# Robust costs

Using M-estimators and `jax.lax.stop_gradient` to handle outliers robustly in jaxls.

Standard least squares is sensitive to outliers: a few bad measurements can pull the solution away from the true parameters. By using `stop_gradient` to compute adaptive weights within cost functions, we can down-weight outliers and recover accurate estimates even with corrupted data.

Features used:
- {class}`~jaxls.Var` subclass for circle parameters
- {func}`@jaxls.Cost.factory <jaxls.Cost.factory>` for robust residuals
- `jax.lax.stop_gradient` for IRLS-style weight updates

In [None]:
import sys
from loguru import logger

logger.remove()
logger.add(sys.stdout, format="<level>{level: <8}</level> | {message}");

In [None]:
import jax
import jax.numpy as jnp
import jaxls
import numpy as np

## The outlier problem

Consider fitting a circle to 2D points. With clean data, least squares works well.
But real-world data often contains outliers -- points that don't follow the expected
model due to sensor errors, misassociations, or other anomalies.
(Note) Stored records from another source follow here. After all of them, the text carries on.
(* Consider $M+1$ base stations indexed $i\in\{0,1,\dots,M\}$ and a finite set $\mathcal{N}$ of users. For each base station $i$ and user $j$, let $\eta_{i,j}\in[0,1)$ be the SINR of user $j$ with respect to base station $i$, and let $B>0$ be the bandwidth. An assignment is a family $(U_0,\dots,U_M)$ of pairwise disjoint subsets of $\mathcal{N}$ ($U_i$ is the set of users served by base station $i$, $N_i=|U_i|$). Its total network capacity is $$C_{tot}(U_0,\dots,U_M)=\sum_{i:\,N_i>0}\frac{B}{N_i}\sum_{j\in U_i}\log_2\!\left(\frac{1}{1-\eta_{i,j}}\right),$$ and let $C_{NC}=\max C_{tot}(U_0,\dots,U_M)$, the maximum over all assignments (the network-capacity-maximizing scheme). Fix thresholds $\lambda_1<\lambda_2<\dots<\lambda_q$ and define the level $L_{i,j}=0$ if $\eta_{i,j}<\lambda_1$, $L_{i,j}=l$ if $\lambda_l\le\eta_{i,j}<\lambda_{l+1}$ for $l\in\{1,\dots,q-1\}$, and $L_{i,j}=q$ if $\eta_{i,j}\ge\lambda_q$. For an assignment, put $U_{i,l}=\{j\in U_i: L_{i,j}=l\}$, $N_{i,l}=|U_{i,l}|$, and let $\overline{\eta}_{i,l}$ be the arithmetic mean of $\{\eta_{i,j}: j\in U_{i,l}\}$ when $N_{i,l}>0$. Define the grouped capacity $$C_{UC}(U_0,\dots,U_M)=\sum_{i:\,N_i>0}B\sum_{l:\,N_{i,l}>0}\frac{N_{i,l}}{N_i}\log_2\!\left(\frac{1}{1-\overline{\eta}_{i,l}}\right).$$ Then for every assignment $(U_0,\dots,U_M)$, $C_{UC}(U_0,\dots,U_M)\le C_{NC}$; that is, $C_{NC}$ is an upper bound of $C_{UC}$.
   Context: Setting: downlink femtocell network with one macrocell base station (index $0$) and $M$ femtocell base stations; each user connects to at most one base station, and the bandwidth $B$ of a base station is divided equally among its $N_i$ served users, so a user $j$ served by station $i$ has capacity $\frac{B}{N_i}\log_2\frac{1}{1-\eta_{i,j}}$, where $\eta_{i,j}=|h_{i,j}|^2P_i/(\sigma^2+\sum_{l=0}^M|h_{l,j}|^2P_l)$ lies in $[0,1)$. $C_{UC}$ is the capacity of the proposed user-classification scheme, in which each user's SINR is replaced by the average SINR of its level group at its base station. *)

From HB Require Import structures.
From mathcomp Require Import all_boot all_order all_algebra.
From mathcomp Require Import reals exp.
Set Implicit Arguments. Unset Strict Implicit. Unset Printing Implicit Defensive.
Import Order.TTheory GRing.Theory Num.Theory.
Local Open Scope ring_scope.

Definition log2 {R : realType} (x : R) : R := ln x / ln 2.

Definition capf {R : realType} (eta : R) : R := log2 (1 / (1 - eta)).

Definition is_assignment (M : nat) (N : finType) (U : 'I_M.+1 -> {set N}) : Prop :=
  forall i k : 'I_M.+1, i != k -> [disjoint U i & U k].

Definition Ctot {R : realType} (M : nat) (N : finType) (B : R)
    (eta : 'I_M.+1 -> N -> R) (U : 'I_M.+1 -> {set N}) : R :=
  \sum_(i < M.+1 | (0 < #|U i|)%N)
     B / (#|U i|)%:R * \sum_(j in U i) capf (eta i j).

(* C_NC: maximum of C_tot over all assignments (a finite set; the empty
   assignment, of capacity 0, is always one of them) *)
Definition CNC {R : realType} (M : nat) (N : finType) (B : R)
    (eta : 'I_M.+1 -> N -> R) : R :=
  \big[Num.max/0]_(V : {ffun 'I_M.+1 -> {set N}} |
        [forall i, forall k, (i != k) ==> [disjoint V i & V k]])
     Ctot B eta V.

Definition level_cond {R : realType} (q : nat) (lam : nat -> R) (x : R) (l : nat) : bool :=
  [|| (l == 0%N) && (x < lam 1%N),
      [&& (1 <= l)%N, (l < q)%N, lam l <= x & x < lam l.+1]
    | (l == q) && (lam q <= x)].

Definition level {R : realType} (q : nat) (lam : nat -> R) (x : R) : nat :=
  odflt 0%N (omap (@nat_of_ord q.+1) [pick l : 'I_q.+1 | level_cond q lam x l]).

Definition Ugroup {R : realType} (M : nat) (N : finType) (q : nat) (lam : nat -> R)
    (eta : 'I_M.+1 -> N -> R) (U : 'I_M.+1 -> {set N}) (i : 'I_M.+1) (l : nat)
    : {set N} :=
  [set j in U i | level q lam (eta i j) == l].

Definition etabar {R : realType} (M : nat) (N : finType) (q : nat) (lam : nat -> R)
    (eta : 'I_M.+1 -> N -> R) (U : 'I_M.+1 -> {set N}) (i : 'I_M.+1) (l : nat) : R :=
  (\sum_(j in Ugroup q lam eta U i l) eta i j) / (#|Ugroup q lam eta U i l|)%:R.

Definition CUC {R : realType} (M : nat) (N : finType) (B : R) (q : nat) (lam : nat -> R)
    (eta : 'I_M.+1 -> N -> R) (U : 'I_M.+1 -> {set N}) : R :=
  \sum_(i < M.+1 | (0 < #|U i|)%N)
     B * \sum_(l < q.+1 | (0 < #|Ugroup q lam eta U i l|)%N)
        ((#|Ugroup q lam eta U i l|)%:R / (#|U i|)%:R)
          * capf (etabar q lam eta U i l).

(* The per-user factor capf x = -log2 (1 - x) is convex on [0, 1), so by
   Jensen's inequality replacing the SINRs of a level group by their mean can
   only decrease the sum of the factors over the group.  Since the groups of a
   base station partition its users, C_UC of an assignment is at most C_tot of
   the same assignment, which is at most the maximum C_NC. *)
From HB Require Import structures.
From mathcomp Require Import all_boot all_order all_algebra.
From mathcomp Require Import reals exp.
From mathcomp Require Import lra.
Import Order.TTheory GRing.Theory Num.Theory.
Local Open Scope ring_scope.

Section CapacityFactor.
Variable R : realType.
Implicit Types x : R.

Lemma ln_le_subr1 x : 0 < x -> ln x <= x - 1.
Proof.
move=> x_gt0; have := @le_ln1Dx R (x - 1).
by rewrite [1 + _]addrC subrK; apply; lra.
Qed.

Lemma capfE x : x < 1 -> capf x = - ln (1 - x) / ln 2.
Proof. by move=> x_lt1; rewrite /capf /log2 div1r lnV // posrE; lra. Qed.

Variable I : finType.
Implicit Types S : {set I}.

Lemma sumr_gt0 S (y : I -> R) : (0 < #|S|)%N -> {in S, forall j, 0 < y j} ->
  0 < \sum_(j in S) y j.
Proof.
case/card_gt0P=> j0 j0S y_gt0; rewrite (bigD1 j0) //= ltr_pwDl ?y_gt0 //.
by apply: sumr_ge0 => j /andP[jS _]; exact/ltW/y_gt0.
Qed.

(* Jensen for the concave ln, via ln t <= t - 1 at t = y j / mean. *)
Lemma sum_ln_le_card_ln_mean S (y : I -> R) : (0 < #|S|)%N -> {in S, forall j, 0 < y j} ->
  \sum_(j in S) ln (y j) <= #|S|%:R * ln ((\sum_(j in S) y j) / #|S|%:R).
Proof.
move=> S_gt0 y_gt0; set n : R := #|S|%:R; set a := (\sum_(j in S) y j) / n.
have n_gt0 : 0 < n by rewrite ltr0n.
have a_gt0 : 0 < a by rewrite divr_gt0 ?sumr_gt0.
rewrite -subr_le0 /n mulr_natl -sumr_const -sumrB.
apply: le_trans (_ : \sum_(j in S) (y j / a - 1) <= 0).
  apply: ler_sum => j jS; rewrite -ln_div ?posrE ?y_gt0 //.
  by apply/ln_le_subr1/divr_gt0; rewrite ?y_gt0.
rewrite sumrB -mulr_suml sumr_const -/n.
by rewrite /a invf_div mulrCA mulfV ?mulr1 ?subrr // gt_eqF ?sumr_gt0.
Qed.

Lemma capf_mean_le S (x : I -> R) : (0 < #|S|)%N -> {in S, forall j, 0 <= x j < 1} ->
  #|S|%:R * capf ((\sum_(j in S) x j) / #|S|%:R) <= \sum_(j in S) capf (x j).
Proof.
move=> S_gt0 x01; set n : R := #|S|%:R.
have n_neq0 : n != 0 by rewrite pnatr_eq0 -lt0n.
have mean1 : 1 - (\sum_(j in S) x j) / n = (\sum_(j in S) (1 - x j)) / n.
  by rewrite sumrB sumr_const mulrBl mulfV.
have x_lt1 : {in S, forall j, 0 < 1 - x j}.
  by move=> j /x01/andP[_]; rewrite subr_gt0.
rewrite capfE; last first.
  by rewrite -subr_gt0 mean1 divr_gt0 ?sumr_gt0 ?ltr0n.
rewrite [leRHS](eq_bigr (fun j => - ln (1 - x j) / ln 2)); last first.
  by move=> j /x01/andP[_ /capfE].
rewrite -mulr_suml mulrA ler_wpM2r ?invr_ge0 ?ln_ge0 ?ler1n //.
by rewrite mean1 sumrN mulrN lerN2 sum_ln_le_card_ln_mean.
Qed.

End CapacityFactor.

Section Grouping.
Variables (R : realType) (M : nat) (N : finType) (q : nat) (lam : nat -> R).
Variables (eta : 'I_M.+1 -> N -> R) (U : 'I_M.+1 -> {set N}).

Lemma level_le x : (level q lam x <= q)%N.
Proof. by rewrite /level; case: pickP => [l _|_] //=; rewrite -ltnS. Qed.

Lemma sum_Ugroup i (F : N -> R) :
  \sum_(l < q.+1) \sum_(j in Ugroup q lam eta U i l) F j = \sum_(j in U i) F j.
Proof.
rewrite (partition_big (fun j => inord (level q lam (eta i j)) : 'I_q.+1) predT) //=.
apply: eq_bigr => l _; apply: eq_bigl => j; rewrite inE; congr (_ && _).
by rewrite -val_eqE /= inordK // ltnS level_le.
Qed.

Lemma CUC_le_Ctot B : 0 <= B -> (forall i j, 0 <= eta i j < 1) ->
  CUC B q lam eta U <= Ctot B eta U.
Proof.
move=> B_ge0 eta01; apply: ler_sum => i Ui_gt0; rewrite -mulrA ler_wpM2l //.
set n : R := #|U i|%:R.
have n_inv_ge0 : 0 <= n^-1 by rewrite invr_ge0 ler0n.
rewrite [leRHS]mulrC -sum_Ugroup mulr_suml; set G := Ugroup q lam eta U i.
rewrite -[leRHS](big_rmcond (fun l : 'I_q.+1 => (0 < #|G l|)%N)); last first.
  by move=> l; rewrite -leqNgt leqn0 => /eqP/cards0_eq ->; rewrite big_set0 mul0r.
apply: ler_sum => l Gl_gt0; rewrite mulrAC ler_wpM2r //.
by apply: capf_mean_le => // j _; exact: eta01.
Qed.

End Grouping.

Lemma Ctot_le_CNC {R : realType} {M : nat} {N : finType} (B : R)
    (eta : 'I_M.+1 -> N -> R) {U : 'I_M.+1 -> {set N}} :
  is_assignment U -> Ctot B eta U <= CNC B eta.
Proof.
move=> U_asg; have -> : Ctot B eta U = Ctot B eta [ffun i => U i].
  by apply: eq_big => i; rewrite ffunE.
apply: le_bigmax_cond; apply/forallP => i; apply/forallP => k; apply/implyP.
by rewrite !ffunE; exact: U_asg.
Qed.

Theorem lemma1 (R : realType) (M : nat) (N : finType) (B : R)
    (eta : 'I_M.+1 -> N -> R) (q : nat) (lam : nat -> R)
    (U : 'I_M.+1 -> {set N}) :
  0 < B ->
  (forall i j, 0 <= eta i j /\ eta i j < 1) ->
  (0 < q)%N ->
  (forall l, (1 <= l)%N -> (l < q)%N -> lam l < lam l.+1) ->
  is_assignment U ->
  CUC B q lam eta U <= CNC B eta.
Proof.
move=> B_gt0 eta01 _ _ U_asg.
apply: (@le_trans _ _ (Ctot B eta U)); last exact: Ctot_le_CNC.
by apply: CUC_le_Ctot; [exact: ltW | move=> i j; case: (eta01 i j) => -> ->].
Qed.
Lemma exchange_big_nat_triangle (R : nmodType) (F : nat -> nat -> R) t :
  \sum_(1 <= i < t.+1) \sum_(2 <= j < (t - i + 1).+1) F i j =
  \sum_(2 <= j < t.+1) \sum_(1 <= i < (t - j + 1).+1) F i j.
Proof.
pose G i j := if (i + j <= t.+1)%N then F i j else 0.
transitivity (\sum_(1 <= i < t.+1) \sum_(2 <= j < t.+1) G i j).
  apply: eq_big_nat => i /andP[i_gt0 le_it].
  rewrite (big_nat_widen_cond _ _ t.+1); last lia.
  by apply: eq_big_nat => j _; rewrite /G; congr (if _ then _ else _); lia.
rewrite exchange_big_nat; apply: eq_big_nat => j /andP[j_ge2 le_jt].
rewrite (big_nat_widen_cond _ _ t.+1); last lia.
by apply: eq_big_nat => i _; rewrite /G; congr (if _ then _ else _); lia.
Qed.

Lemma sum_bracket_coef al (P R : nat -> CC) n t : (t <= n)%N -> R 1%N = 0 ->
  \sum_(1 <= a < n.+1) \sum_(1 <= b < n.+1) P a * R b * bracket_coef al t a b =
  \sum_(1 <= i < t.+1) \sum_(2 <= j < (t - i + 1).+1)
     ((t + 3)%:R - (2 * i + j)%:R) * P i * R (t + 3 - (i + j))%N * al j.
Proof.
move=> le_tn R1.
rewrite (@big_cat_nat _ _ _ t.+1) //= [X in _ + X]big_nat_cond.
rewrite [X in _ + X]big1 ?addr0 => [|a /andP[/andP[lt_ta _] _]]; last first.
  rewrite big_nat_cond big1 // => b /andP[/andP[b_gt0 _] _].
  by rewrite /bracket_coef ifN ?mulr0 //; lia.
apply: eq_big_nat => a /andP[a_gt0 le_at].
rewrite big_ltn; last lia.
rewrite R1 mulr0 mul0r add0r [RHS]big_nat_rev /=.
rewrite [RHS](big_nat_widen_cond _ _ n.+1); last lia.
apply: eq_big_nat => b /andP[b_ge2 _]; rewrite /bracket_coef.
case: ltnP => [lt_b | le_b]; last by rewrite ifN ?mulr0 //; lia.
rewrite ifT; last lia.
have -> : (2 + (t - a + 1).+1 - b.+1 = t + 3 - (a + b))%N by lia.
have -> : (t + 3 - (a + (t + 3 - (a + b))) = b)%N by lia.
have -> : ((t + 3)%:R - (2 * a + (t + 3 - (a + b)))%:R = b%:R - a%:R :> CC).
  have -> : (2 * a + (t + 3 - (a + b)) = a + (t + 3 - b))%N by lia.
  by rewrite !natrD natrB ?natrD; [ring | lia].
ring.
Qed.

Theorem mainTheorem6 (n : nat) (alpha alpha' : nat -> CC) :
  (2 <= n)%N ->
  TP_isomorphic n alpha alpha' ->
  exists (phi : V n -> V n) (A : nat -> CC),
    [/\ is_mu_automorphism phi,
        A 1%N != 0,
        phi (e n 1) = \sum_(i < n) A i.+1 *: e n i.+1 &
        forall t : nat, (2 <= t <= n)%N ->
          \sum_(2 <= i < t.+1) compSum A i t * alpha' i =
          \sum_(2 <= j < t.+1) \sum_(1 <= i < (t - j + 1).+1)
             ((t + 3)%:R - (2 * i + j)%:R) * A i * compSum A 2 (t + 3 - (i + j))
               * alpha j].
Proof.
move=> le_2n [f /inv_TP_isomorphism[g [lin_g bij_g mul_g br_g]]].
have n_gt0 := ltnW le_2n.
set Q := mupoly (g (e n 1)).
have Q0 : Q`_0 = 0 := coef_mupoly0 _.
exists g, (fun k => Q`_k); split => //.
- exact: mupoly_endo_coef1_neq0 n_gt0 bij_g.
- by rewrite {1}[g _]row_sum_e; apply: eq_bigr => i _; rewrite coef_mupolyS.
move=> t /andP[le_2t le_tn].
have e2 b : (b <= n)%N -> (mupoly (g (e n 2)))`_b = (Q ^+ 2)`_b.
  exact: coef_mupoly_endo_e.
have := congr1 (fun x => (mupoly x)`_t) (br_g (e n 1) (e n 2)).
rewrite /= brTP_e ?n_gt0 // brE_12 // coef_mupoly_endo_sum // -/Q.
rewrite coef_mupoly_brTP ?(ltnW le_2t) // sum_bracket_coef //; last first.
  by rewrite e2 ?coef_expr_eq0 ?n_gt0.
under eq_big_nat => i _ do rewrite compSum_coef_pow // mulrC.
move=> ->; rewrite -exchange_big_nat_triangle.
apply: eq_big_nat => i /andP[i_gt0 _]; apply: eq_big_nat => j /andP[j_ge2 _].
by rewrite compSum_coef_pow // e2 //; lia.
Qed.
Standard least squares minimizes the sum of squared residuals:

$$\min_\theta \sum_i r_i(\theta)^2$$

The squaring amplifies large residuals, giving outliers disproportionate influence.

In [None]:
# Generate synthetic circle data with outliers.
np.random.seed(42)

# Ground truth circle.
true_cx, true_cy, true_r = 1.0, 1.0, 2.0

# Inlier points (on the circle with small noise).
n_inliers = 40
theta_inliers = np.random.uniform(0, 2 * np.pi, n_inliers)
noise_inliers = np.random.normal(0, 0.1, n_inliers)
inlier_x = true_cx + (true_r + noise_inliers) * np.cos(theta_inliers)
inlier_y = true_cy + (true_r + noise_inliers) * np.sin(theta_inliers)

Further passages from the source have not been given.